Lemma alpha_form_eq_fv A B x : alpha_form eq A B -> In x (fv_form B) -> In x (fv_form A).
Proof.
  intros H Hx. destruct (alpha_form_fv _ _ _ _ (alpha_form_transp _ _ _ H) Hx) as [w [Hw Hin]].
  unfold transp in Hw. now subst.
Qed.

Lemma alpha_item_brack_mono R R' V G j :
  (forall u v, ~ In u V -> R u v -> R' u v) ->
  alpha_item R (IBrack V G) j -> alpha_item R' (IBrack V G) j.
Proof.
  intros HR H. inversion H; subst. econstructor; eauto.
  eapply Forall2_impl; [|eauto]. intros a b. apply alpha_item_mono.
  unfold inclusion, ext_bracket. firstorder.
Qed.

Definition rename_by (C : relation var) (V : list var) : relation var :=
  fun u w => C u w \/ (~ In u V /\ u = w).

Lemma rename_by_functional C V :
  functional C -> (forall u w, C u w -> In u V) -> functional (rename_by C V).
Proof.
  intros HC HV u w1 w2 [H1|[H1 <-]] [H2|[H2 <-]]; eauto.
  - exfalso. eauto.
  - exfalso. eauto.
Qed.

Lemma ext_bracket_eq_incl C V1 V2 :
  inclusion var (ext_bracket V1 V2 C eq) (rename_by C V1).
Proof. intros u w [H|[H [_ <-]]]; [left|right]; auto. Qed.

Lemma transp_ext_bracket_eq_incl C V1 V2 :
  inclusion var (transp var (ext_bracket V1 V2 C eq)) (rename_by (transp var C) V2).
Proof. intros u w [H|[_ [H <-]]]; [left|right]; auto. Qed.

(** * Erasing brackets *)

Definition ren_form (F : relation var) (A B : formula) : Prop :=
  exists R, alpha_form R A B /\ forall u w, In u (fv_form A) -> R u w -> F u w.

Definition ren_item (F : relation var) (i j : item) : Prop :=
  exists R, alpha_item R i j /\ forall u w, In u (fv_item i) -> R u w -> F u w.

...

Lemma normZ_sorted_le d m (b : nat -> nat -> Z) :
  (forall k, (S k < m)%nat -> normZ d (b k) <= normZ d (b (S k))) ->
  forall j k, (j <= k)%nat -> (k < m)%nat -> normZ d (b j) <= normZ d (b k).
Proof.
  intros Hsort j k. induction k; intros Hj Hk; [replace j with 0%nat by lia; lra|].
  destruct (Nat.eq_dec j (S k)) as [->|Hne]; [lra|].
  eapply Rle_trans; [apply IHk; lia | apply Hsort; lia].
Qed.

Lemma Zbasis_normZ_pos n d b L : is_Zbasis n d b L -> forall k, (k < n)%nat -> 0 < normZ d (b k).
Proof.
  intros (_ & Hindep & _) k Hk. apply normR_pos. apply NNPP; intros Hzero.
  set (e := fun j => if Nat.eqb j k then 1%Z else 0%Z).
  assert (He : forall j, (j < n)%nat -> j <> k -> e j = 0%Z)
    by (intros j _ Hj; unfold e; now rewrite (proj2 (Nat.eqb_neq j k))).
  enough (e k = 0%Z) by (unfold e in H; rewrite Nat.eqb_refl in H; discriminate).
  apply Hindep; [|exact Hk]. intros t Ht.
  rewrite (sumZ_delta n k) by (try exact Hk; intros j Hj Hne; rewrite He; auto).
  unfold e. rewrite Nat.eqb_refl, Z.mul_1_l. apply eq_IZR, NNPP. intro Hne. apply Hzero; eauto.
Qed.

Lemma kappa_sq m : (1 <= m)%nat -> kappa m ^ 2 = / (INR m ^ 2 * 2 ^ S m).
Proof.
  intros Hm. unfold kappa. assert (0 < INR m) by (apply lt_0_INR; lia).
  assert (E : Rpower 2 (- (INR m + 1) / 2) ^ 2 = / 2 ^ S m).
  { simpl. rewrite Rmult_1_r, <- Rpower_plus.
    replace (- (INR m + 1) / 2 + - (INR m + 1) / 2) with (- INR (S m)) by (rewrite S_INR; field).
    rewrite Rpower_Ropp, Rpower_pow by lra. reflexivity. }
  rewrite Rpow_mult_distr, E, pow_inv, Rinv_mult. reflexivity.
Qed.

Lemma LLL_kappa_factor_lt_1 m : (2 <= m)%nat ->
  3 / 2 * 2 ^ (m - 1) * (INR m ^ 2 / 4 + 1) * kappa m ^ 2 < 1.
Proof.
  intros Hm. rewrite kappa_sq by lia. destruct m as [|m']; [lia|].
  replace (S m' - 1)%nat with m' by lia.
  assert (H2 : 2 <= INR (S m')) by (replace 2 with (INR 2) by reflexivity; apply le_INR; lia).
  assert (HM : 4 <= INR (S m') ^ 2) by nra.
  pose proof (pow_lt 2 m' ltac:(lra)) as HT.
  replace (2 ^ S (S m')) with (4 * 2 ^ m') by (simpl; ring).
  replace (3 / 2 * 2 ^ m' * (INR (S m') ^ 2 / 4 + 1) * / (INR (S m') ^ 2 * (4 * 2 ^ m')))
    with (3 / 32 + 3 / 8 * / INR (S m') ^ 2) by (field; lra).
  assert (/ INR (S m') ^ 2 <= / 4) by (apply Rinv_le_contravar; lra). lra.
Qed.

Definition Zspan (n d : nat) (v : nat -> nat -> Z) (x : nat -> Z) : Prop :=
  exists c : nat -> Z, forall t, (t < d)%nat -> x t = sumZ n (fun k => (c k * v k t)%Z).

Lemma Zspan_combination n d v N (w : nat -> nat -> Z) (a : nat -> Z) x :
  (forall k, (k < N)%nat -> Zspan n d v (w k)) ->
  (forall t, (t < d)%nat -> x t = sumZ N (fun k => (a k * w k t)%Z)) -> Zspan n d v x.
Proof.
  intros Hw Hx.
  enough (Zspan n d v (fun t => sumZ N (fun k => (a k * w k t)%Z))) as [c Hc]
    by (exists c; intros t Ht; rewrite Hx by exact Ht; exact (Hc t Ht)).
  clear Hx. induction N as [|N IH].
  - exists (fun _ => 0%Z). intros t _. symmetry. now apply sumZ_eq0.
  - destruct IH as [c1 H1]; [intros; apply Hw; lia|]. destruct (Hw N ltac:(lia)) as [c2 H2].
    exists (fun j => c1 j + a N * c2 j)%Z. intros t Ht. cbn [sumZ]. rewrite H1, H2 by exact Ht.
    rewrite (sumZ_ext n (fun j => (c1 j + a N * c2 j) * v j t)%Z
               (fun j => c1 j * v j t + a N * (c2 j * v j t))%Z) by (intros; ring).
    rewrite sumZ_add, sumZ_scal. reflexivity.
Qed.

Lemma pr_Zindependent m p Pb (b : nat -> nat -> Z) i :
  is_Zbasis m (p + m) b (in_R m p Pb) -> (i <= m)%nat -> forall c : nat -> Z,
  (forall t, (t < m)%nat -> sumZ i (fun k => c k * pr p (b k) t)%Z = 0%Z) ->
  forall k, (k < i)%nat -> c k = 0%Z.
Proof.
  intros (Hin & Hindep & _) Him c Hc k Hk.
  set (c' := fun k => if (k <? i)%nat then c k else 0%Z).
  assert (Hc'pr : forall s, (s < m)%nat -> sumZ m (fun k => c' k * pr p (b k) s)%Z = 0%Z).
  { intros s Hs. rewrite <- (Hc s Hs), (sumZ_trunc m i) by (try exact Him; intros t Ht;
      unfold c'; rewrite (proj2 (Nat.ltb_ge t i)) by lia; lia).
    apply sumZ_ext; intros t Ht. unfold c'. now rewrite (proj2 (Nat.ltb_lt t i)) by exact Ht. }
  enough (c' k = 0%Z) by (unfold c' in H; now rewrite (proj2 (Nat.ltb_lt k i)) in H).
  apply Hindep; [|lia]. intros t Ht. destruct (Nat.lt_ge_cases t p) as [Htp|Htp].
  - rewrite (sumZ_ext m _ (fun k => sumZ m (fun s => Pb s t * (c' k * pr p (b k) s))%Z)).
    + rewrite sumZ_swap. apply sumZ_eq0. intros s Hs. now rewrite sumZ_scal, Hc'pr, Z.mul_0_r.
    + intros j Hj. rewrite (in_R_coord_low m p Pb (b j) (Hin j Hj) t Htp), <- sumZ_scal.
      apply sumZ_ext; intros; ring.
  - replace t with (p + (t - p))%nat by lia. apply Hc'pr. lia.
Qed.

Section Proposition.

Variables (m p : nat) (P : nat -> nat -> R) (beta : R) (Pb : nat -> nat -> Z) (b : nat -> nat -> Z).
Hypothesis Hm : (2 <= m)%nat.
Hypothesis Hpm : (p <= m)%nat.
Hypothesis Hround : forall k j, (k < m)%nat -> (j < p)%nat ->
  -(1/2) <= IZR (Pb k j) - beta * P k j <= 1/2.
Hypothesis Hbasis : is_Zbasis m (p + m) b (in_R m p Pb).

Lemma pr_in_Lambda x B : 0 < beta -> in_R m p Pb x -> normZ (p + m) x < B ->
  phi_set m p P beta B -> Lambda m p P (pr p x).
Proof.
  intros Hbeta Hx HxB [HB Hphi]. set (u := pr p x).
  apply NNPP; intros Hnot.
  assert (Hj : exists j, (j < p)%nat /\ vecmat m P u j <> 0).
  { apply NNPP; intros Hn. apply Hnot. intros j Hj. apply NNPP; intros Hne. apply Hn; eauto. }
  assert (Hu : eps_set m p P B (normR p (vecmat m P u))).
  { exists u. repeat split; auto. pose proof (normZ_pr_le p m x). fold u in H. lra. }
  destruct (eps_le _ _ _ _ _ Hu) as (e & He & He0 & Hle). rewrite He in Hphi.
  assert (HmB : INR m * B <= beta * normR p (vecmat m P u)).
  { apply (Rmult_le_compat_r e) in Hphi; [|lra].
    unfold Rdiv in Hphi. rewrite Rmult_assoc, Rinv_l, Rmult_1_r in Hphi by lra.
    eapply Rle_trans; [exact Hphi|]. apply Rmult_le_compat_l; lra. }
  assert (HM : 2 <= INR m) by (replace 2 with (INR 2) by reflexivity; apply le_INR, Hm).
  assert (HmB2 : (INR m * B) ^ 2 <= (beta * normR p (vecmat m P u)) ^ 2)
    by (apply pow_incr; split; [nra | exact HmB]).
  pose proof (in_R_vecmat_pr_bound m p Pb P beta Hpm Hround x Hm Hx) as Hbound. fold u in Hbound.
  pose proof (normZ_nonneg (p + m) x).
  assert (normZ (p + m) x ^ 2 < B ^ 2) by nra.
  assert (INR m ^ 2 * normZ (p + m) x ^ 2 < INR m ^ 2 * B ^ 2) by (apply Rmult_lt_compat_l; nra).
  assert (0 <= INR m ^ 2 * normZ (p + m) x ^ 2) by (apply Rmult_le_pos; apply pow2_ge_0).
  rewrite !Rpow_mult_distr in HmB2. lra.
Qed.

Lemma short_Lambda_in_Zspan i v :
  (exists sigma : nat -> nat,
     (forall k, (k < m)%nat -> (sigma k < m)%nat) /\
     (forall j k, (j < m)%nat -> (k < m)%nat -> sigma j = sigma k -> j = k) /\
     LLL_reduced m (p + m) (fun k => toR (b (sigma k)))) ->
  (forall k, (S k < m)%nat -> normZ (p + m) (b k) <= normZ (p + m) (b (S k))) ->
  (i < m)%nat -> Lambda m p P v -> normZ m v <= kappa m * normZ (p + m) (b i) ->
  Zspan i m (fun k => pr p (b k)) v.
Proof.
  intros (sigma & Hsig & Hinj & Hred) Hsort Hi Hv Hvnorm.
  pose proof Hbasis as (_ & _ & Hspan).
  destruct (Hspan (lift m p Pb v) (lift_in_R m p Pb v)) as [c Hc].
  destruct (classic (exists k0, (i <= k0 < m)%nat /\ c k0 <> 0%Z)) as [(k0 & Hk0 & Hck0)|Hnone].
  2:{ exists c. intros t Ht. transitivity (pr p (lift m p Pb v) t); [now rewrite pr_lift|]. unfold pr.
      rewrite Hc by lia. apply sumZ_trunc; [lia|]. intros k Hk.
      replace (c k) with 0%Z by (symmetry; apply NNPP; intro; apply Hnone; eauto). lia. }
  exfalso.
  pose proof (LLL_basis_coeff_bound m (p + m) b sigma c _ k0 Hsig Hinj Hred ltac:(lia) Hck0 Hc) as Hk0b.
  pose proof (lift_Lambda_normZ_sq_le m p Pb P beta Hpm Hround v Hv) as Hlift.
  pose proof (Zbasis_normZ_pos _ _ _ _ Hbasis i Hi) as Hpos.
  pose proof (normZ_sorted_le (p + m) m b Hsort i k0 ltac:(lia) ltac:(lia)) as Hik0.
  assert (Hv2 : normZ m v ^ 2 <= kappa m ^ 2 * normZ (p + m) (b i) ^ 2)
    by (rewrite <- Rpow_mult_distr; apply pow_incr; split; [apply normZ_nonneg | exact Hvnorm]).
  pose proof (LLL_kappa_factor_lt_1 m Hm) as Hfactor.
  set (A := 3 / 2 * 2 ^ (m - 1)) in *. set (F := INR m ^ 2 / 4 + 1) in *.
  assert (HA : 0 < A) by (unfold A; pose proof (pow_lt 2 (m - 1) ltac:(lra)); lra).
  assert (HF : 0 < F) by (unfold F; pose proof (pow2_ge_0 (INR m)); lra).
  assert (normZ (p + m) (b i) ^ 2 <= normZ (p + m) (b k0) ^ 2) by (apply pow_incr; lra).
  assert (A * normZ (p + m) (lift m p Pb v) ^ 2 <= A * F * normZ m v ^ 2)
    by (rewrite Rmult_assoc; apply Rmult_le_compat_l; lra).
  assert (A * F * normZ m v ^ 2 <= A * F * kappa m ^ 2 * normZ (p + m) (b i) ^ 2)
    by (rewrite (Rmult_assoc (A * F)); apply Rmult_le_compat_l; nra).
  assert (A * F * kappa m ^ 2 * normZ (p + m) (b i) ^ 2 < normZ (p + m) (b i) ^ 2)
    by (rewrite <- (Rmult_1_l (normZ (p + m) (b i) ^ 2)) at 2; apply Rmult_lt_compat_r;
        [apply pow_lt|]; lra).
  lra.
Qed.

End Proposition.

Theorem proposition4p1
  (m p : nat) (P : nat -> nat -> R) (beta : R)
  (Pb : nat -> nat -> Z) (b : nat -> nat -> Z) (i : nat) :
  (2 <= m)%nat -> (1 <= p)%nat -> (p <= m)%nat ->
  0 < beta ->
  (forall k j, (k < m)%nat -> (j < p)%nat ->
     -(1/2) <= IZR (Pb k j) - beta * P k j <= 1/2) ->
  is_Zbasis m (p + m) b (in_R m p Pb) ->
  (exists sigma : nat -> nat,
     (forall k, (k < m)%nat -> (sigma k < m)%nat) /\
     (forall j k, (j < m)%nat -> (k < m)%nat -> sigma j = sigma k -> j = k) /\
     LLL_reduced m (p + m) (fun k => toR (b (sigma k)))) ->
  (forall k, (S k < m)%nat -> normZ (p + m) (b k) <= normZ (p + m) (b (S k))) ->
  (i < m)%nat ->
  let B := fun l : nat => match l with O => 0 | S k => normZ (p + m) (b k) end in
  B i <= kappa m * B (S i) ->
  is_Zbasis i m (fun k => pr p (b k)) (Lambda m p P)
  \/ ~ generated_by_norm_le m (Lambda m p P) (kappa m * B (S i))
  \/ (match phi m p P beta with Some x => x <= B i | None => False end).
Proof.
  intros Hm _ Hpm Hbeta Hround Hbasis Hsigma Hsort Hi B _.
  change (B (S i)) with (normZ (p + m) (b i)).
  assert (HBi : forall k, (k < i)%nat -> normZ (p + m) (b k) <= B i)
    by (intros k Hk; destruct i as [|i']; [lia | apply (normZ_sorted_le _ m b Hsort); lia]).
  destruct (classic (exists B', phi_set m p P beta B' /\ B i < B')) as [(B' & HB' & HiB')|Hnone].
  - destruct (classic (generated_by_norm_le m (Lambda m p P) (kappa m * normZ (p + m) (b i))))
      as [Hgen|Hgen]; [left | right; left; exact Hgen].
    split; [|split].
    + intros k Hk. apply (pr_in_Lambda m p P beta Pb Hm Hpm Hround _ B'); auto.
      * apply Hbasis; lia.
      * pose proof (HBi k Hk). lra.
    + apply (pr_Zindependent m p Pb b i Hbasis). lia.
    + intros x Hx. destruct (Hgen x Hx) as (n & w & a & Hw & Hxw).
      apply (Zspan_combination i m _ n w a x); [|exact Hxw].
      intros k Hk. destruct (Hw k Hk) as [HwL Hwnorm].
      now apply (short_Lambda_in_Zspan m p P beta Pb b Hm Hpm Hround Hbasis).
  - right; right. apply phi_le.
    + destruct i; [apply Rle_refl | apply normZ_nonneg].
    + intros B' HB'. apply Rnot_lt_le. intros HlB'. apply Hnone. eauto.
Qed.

# [ASSIGNMENT]
Wherever the word "match" appears in the entries above, copy that line.

# [RESULT FOR THIS EXERCISE]
  let B := fun l : nat => match l with O => 0 | S k => normZ (p + m) (b k) end in
  \/ (match phi m p P beta with Some x => x <= B i | None => False end).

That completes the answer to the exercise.